▶ **Data extracts**
------------------------------------------------

Lemma evalH2_rdelta_itop n p : (forall k, (1 <= k <= n.+1)%N -> primitive (p k)) ->
  forall f, fkey_inv2 f ->
  evalH2 (rdelta (itop p 1 n)) f =
  \sum_(j <- iota 1 n) evalH2 (tens (itop p j.+1 (n.+1 - j.+1)) (itop p 1 j.-1)) f.
Proof.
elim: n p => [|n IH] p prim_p f f_inv.
  by rewrite big_nil /= evalH2_rdelta primitive_evalH //; apply: prim_p.
rewrite [itop p 1 n.+1]/= rdelta_top_primitive //; last exact: prim_p.
rewrite itop_shift IH => [|k /andP[_ le_kn]|]; last 2 first.
- exact: prim_p.
- exact: topr_fkey_inv.
rewrite [iota 1 n.+1]/= big_cons !subSS subn0 /= -itop_shift; congr (_ + _).
rewrite -[2%N]/(1 + 1)%N iotaDl big_map big_seq [RHS]big_seq.
apply: eq_bigr => -[|j]; rewrite mem_iota // => _.
by rewrite evalH2_tens_topr /= !itop_shift.
Qed.

Theorem lemma4p3 (i : nat) (p : nat -> HR) :
  (1 <= i)%N ->
  (forall k, (1 <= k <= i)%N -> primitive (p k)) ->
  eqH2 (rdelta (itop p 1 i.-1))
       (flatten [seq tens (itop p j.+1 (i - j.+1)) (itop p 1 j.-1) | j <- iota 1 i.-1]).
Proof.
case: i => // n _ prim_p; apply: eqH2_evalH2 => f f_inv.
by rewrite evalH2_rdelta_itop // evalH2_flatten big_map.
Qed.
(* Let $a,b\in GF(q)\setminus\{0\}$ and let $\mu\in GF(q)$ satisfy $\mu^2=\frac ba\neq1$. For every point $P\in\mathcal B_a$ there are exactly two circles $g,h\in\tau(a,b)$ that are tangential to $\mathcal B_a$ in $P$. Moreover, $g$ is tangential to $\mathcal B_b$ in $\mu P$ and $h$ is tangential to $\mathcal B_b$ in $-\mu P$.
   Context: Let $p$ be an odd prime, $m\ge1$, and $q=p^m$. $GF(q^2)$ denotes the quadratic extension of $GF(q)$, and for $z\in GF(q^2)$ we write $\bar z:=z^{q}$. The Miquelian Möbius plane $\mathbb M(q)$ has point set $GF(q^2)\cup\{\infty\}$ and circles of two types: for $s\in GF(q^2)$ and $c\in GF(q)\setminus\{0\}$, the circle of the first type $\mathcal B^1_{(s,c)}=\{z\in GF(q^2):(z-s)(\bar z-\bar s)=c\}$; for $s\in GF(q^2)\setminus\{0\}$ and $c\in GF(q)$, the circle of the second type $\mathcal B^2_{(s,c)}=\{z\in GF(q^2):\bar s z+s\bar z=c\}\cup\{\infty\}$. Two circles are called tangential if they have exactly one point in common; a circle $g$ is tangential to a circle $\mathcal B$ in $P$ if $g\cap\mathcal B=\{P\}$. For $a\in GF(q)\setminus\{0\}$ put $\mathcal B_a:=\mathcal B^1_{(0,a)}$, and for $a,b\in GF(q)\setminus\{0\}$ let $\tau(a,b)$ be the set of circles tangential to both $\mathcal B_a$ and $\mathcal B_b$. *)

(* GF(q^2) is modelled as an arbitrary finite field L with
   #|L| = q^2, q = p^m; conjugation is z |-> z^q and GF(q) is its fixed field. *)
From HB Require Import structures.
From mathcomp Require Import all_boot all_order all_algebra all_field.
Set Implicit Arguments. Unset Strict Implicit. Unset Printing Implicit Defensive.
Import GRing.Theory.
Local Open Scope ring_scope.

Section Moebius.
Variable (L : finFieldType) (q : nat).

Definition conjq (z : L) : L := z ^+ q.

Definition inGFq (x : L) : bool := x ^+ q == x.

(* points of M(q): Some z for z in GF(q^2), None for infinity *)
Definition circle1 (s c : L) : {set option L} :=
  [set x | if x is Some z then (z - s) * conjq (z - s) == c else false].

Definition circle2 (s c : L) : {set option L} :=
  [set x | if x is Some z then conjq s * z + s * conjq z == c else true].

Definition is_circle (C : {set option L}) : Prop :=
  (exists s c, [/\ inGFq c, c != 0 & C = circle1 s c]) \/
  (exists s c, [/\ s != 0, inGFq c & C = circle2 s c]).

Definition tangential_in (g B : {set option L}) (P : option L) : Prop :=
  g :&: B = [set P].

Definition tangential (g B : {set option L}) : Prop :=
  exists P, tangential_in g B P.

Definition Bc (a : L) : {set option L} := circle1 0 a.

Definition in_tau (a b : L) (g : {set option L}) : Prop :=
  [/\ is_circle g, tangential g (Bc a) & tangential g (Bc b)].

Definition scalept (mu : L) (P : option L) : option L := omap (fun z => mu * z) P.

End Moebius.

From HB Require Import structures.
From mathcomp Require Import all_boot all_order all_algebra all_field.
From mathcomp Require Import ring.
Import GRing.Theory.
Local Open Scope ring_scope.

(* Reflections in lines through 0 preserve every circle B_c.  A circle with
   centre s, or a line with normal s, is also preserved by the reflection in the
   line through 0 and s, so the unique points where it touches B_a and B_b lie on
   that line: s = t P with t in GF(q), and the point on B_b is mu P or -mu P.
   A line through P and +-mu P would force mu = +-1, while a circle centred at t P
   through P and +-mu P forces t = (1 +- mu) / 2; conversely both of these circles
   are tangent to B_a at P and to B_b at +-mu P. *)

Lemma tangential_inP {L : finFieldType} (k B : {set option L}) P :
  tangential_in k B P <->
  [/\ P \in k, P \in B & forall x, x \in k -> x \in B -> x = P].
Proof.
split=> [kB | [Pk PB uniq]].
  have : P \in k :&: B by rewrite kB set11.
  rewrite inE => /andP[Pk PB]; split=> // x xk xB.
  by apply/set1P; rewrite -kB inE xk.
apply/setP=> x; rewrite inE in_set1.
by apply/andP/eqP=> [[xk xB] | ->]; [exact: uniq | ].
Qed.

Lemma tangential_in_fixed {L : finFieldType} (k B : {set option L}) P
    (f : option L -> option L) :
  {homo f : x / x \in k} -> {homo f : x / x \in B} ->
  tangential_in k B P -> f P = P.
Proof. by move=> fk fB /tangential_inP[Pk PB uniq]; apply: uniq; auto. Qed.

Lemma eq_double_root (F : fieldType) (w w' d : F) :
  w + w' = d + d -> w * w' = d * d -> w = d.
Proof.
move=> sum prod; apply/eqP; rewrite -subr_eq0 -sqrf_eq0.
have -> : (w - d) ^+ 2 = w * w - (d + d) * w + d * d by ring.
by rewrite -sum -prod; apply/eqP; ring.
Qed.

Lemma eq_midpoint (F : fieldType) (k t : F) :
  (2 : F) != 0 -> k != 1 -> (k - t) ^+ 2 = (1 - t) ^+ 2 -> t = (1 + k) / 2.
Proof.
move=> two_neq0 k_neq1 dist.
have : (k - 1) * (k + 1 - 2 * t) = 0.
  transitivity ((k - t) ^+ 2 - (1 - t) ^+ 2); first by ring.
  by rewrite dist subrr.
move/eqP; rewrite mulf_eq0 subr_eq0 (negbTE k_neq1) /= subr_eq0 => /eqP kt.
by apply: (mulfI two_neq0); rewrite [2 * (_ / _)]mulrC divfK // addrC kt.
Qed.

Section Tangency.

Variables (L : finFieldType) (q : nat).
Hypothesis conjqD : {morph conjq q : x y / x + y : L}.
Hypothesis conjqK : involutive (@conjq L q).
Hypothesis two_neq0 : (2 : L) != 0.

Local Notation cj := (@conjq L q).

Lemma inGFqP x : reflect (cj x = x) (inGFq q x).
Proof. exact: eqP. Qed.

Lemma conjqM : {morph cj : x y / x * y}.
Proof. exact: exprMn. Qed.

Lemma conjqX n : {morph cj : x / x ^+ n}.
Proof. by move=> x; rewrite /conjq exprAC. Qed.

Lemma conjq1 : cj 1 = 1.
Proof. exact: expr1n. Qed.

Lemma conjq0 : cj 0 = 0.
Proof. by apply: (addrI (cj 0)); rewrite -conjqD !addr0. Qed.

Lemma conjqN : {morph cj : x / - x}.
Proof. by move=> x; apply: (addrI (cj x)); rewrite -conjqD !subrr conjq0. Qed.

Lemma conjqB : {morph cj : x y / x - y}.
Proof. by move=> x y; rewrite conjqD conjqN. Qed.

Lemma conjq2 : cj 2 = 2.
Proof. by rewrite -[2 : L]/(1 *+ 2) mulr2n conjqD conjq1. Qed.

Lemma conjq_div : {morph cj : x y / x / y}.
Proof. by move=> x y; rewrite conjqM /conjq exprVn. Qed.

Lemma conjq_eq0 x : (cj x == 0) = (x == 0).
Proof. by apply/eqP/eqP=> [x0 | ->]; [rewrite -[x]conjqK x0 |]; rewrite conjq0. Qed.

Lemma conjq_norm z : cj (z * cj z) = z * cj z.
Proof. by rewrite conjqM conjqK mulrC. Qed.

Lemma norm_neq0 {z : L} : z != 0 -> z * cj z != 0.
Proof. by move=> z0; rewrite mulf_neq0 ?conjq_eq0. Qed.

Lemma eq_oppr_self (x : L) : (- x == x) = (x == 0).
Proof.
by rewrite eq_sym -addr_eq0 -mulr2n -mulr_natl mulf_eq0 (negbTE two_neq0).
Qed.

------------------------------------------------

▶ **Task prompt**
Please restate the records word for word. Go from the first line to the line with "- exact: prim_p." and include both.

▶ **Answer section**
Lemma evalH2_rdelta_itop n p : (forall k, (1 <= k <= n.+1)%N -> primitive (p k)) ->
  forall f, fkey_inv2 f ->
  evalH2 (rdelta (itop p 1 n)) f =
  \sum_(j <- iota 1 n) evalH2 (tens (itop p j.+1 (n.+1 - j.+1)) (itop p 1 j.-1)) f.
Proof.
elim: n p => [|n IH] p prim_p f f_inv.
  by rewrite big_nil /= evalH2_rdelta primitive_evalH //; apply: prim_p.
rewrite [itop p 1 n.+1]/= rdelta_top_primitive //; last exact: prim_p.
rewrite itop_shift IH => [|k /andP[_ le_kn]|]; last 2 first.
- exact: prim_p.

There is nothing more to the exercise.